Dear Michael and Sahar,
Thank you so much for sharing this post and for summarizing the great achievements of 2023; there has been significant progress.
I am Mohamed Elhoseiny, faculty at KAUST and the PI of the Vision CAIR group. I truly appreciate your featuring of MiniGPT v2, which was developed by my team as an advancement over our earlier version, MiniGPT-4 v1, released in April 2023, which in fact is MiniGPT-4's key milestone. MiniGPT-4 v1 was launched on April 16, 2023, just days before LLaVA was announced (announcement: https://twitter.com/tikgiau/status/1647767975804452864, example third party tech Youtubers discussing it mostly around 18-19 April 2023; https://www.youtube.com/watch?v=hNAFuuXYL58
https://www.youtube.com/watch?v=SAjrpYjx0ps ).

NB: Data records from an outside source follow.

Lemma Ri_locW3 k : (0 < k < N)%N ->
  r k = loc (atW3 (inord k) (inord k.+1)) (offW3 (inord k) (inord k.+1)) (rtens _ R).
Proof.
move=> /andP [k_gt0 lt_kN]; apply: opP => x y.
rewrite !entE lt_kN /= !xpair_eqE mask_eq agree_off2.
rewrite (agree_off_split (T := pred3 ord0 (inord k) (inord k.+1)) (c := ord0));
  try coord_side.
by rewrite -!mulnb !natrM /atW3; ring.
Qed.

Lemma forall_ord2 (Q : pred 'I_2) : [forall j : 'I_2, (j != ord0) ==> Q j] = Q ord_max.
Proof.
apply/forallP/idP => [/(_ ord_max) //|Q1 j].
by case: (ord2_cases j) => ->.
Qed.

Lemma forall_ord2_off01 (Q : pred 'I_2) :
  [forall j : 'I_2, ((j != inord 0) && (j != inord 1)) ==> Q j].
Proof. by apply/forallP => j; case: (ord2_cases j) => ->; rewrite -!val_eqE /= !inordK. Qed.

Section FirstTwoCoordinates.
Hypothesis N_gt0 : (0 < N)%N.

Lemma Pi_first2 t : P t = loc at_first2 off_first2 (Pi pi 1 t).
Proof.
apply: opP => x y; rewrite !entE /= mask_eq agree_off1 forall_ord2 !ffunE /= inord0N //.
rewrite (agree_off_split (T := pred2 ord0 (inord 1)) (c := inord 1)); try coord_side.
by rewrite -!mulnb !natrM; ring.
Qed.

Lemma Ri_first2 : r 0 = loc at_first2 off_first2 (Ri m R 1 0).
Proof.
apply: opP => x y; rewrite !entE N_gt0 /= mask_eq agree_off2 forall_ord2_off01 !ffunE.
by rewrite !inordK // inord0N // mulr1.
Qed.

End FirstTwoCoordinates.
End LocalOperators.

Arguments Ri_loc2 {m n N R k}.
Arguments Ri_loc3_12 {m n N R k}.
Arguments Ri_loc3_23 {m n N R k}.
Arguments Ri_loc4_l {m n N R j k}.
Arguments Ri_loc4_r {m n N R j k}.
Arguments Ri_locW3 {m n N R k}.
Arguments Ri_first2 {m n N R}.
Arguments Pi_locW {gT m n N pi}.
Arguments Pi_locW3 {gT m n N pi k}.
Arguments Pi_first2 {gT m n N pi}.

Of-course being days apart, LLaVa and MiniGPT-4 are indeed contemporary works, and they have been recognized as such in most follow-up papers in the Vision LLM space.
I was initially hesitant to reach out with this comment, but I felt it is helpful to clarify that MiniGPT v1 (16 April 2023) represents a main MiniGPT milestone and key findings for promising/emerging Vision LLM skills. As you know, these matters can be of importance in our field. The difference between it and MiniGPT v2, is that v2 extends it to be massively multitasking and to be capable of grounding objects as it speaks about them.
Thanks a lot for your efforts writing this amazing post. I do appreciate it and I believe it is much appreciated by the vast majority of the Generative AI community.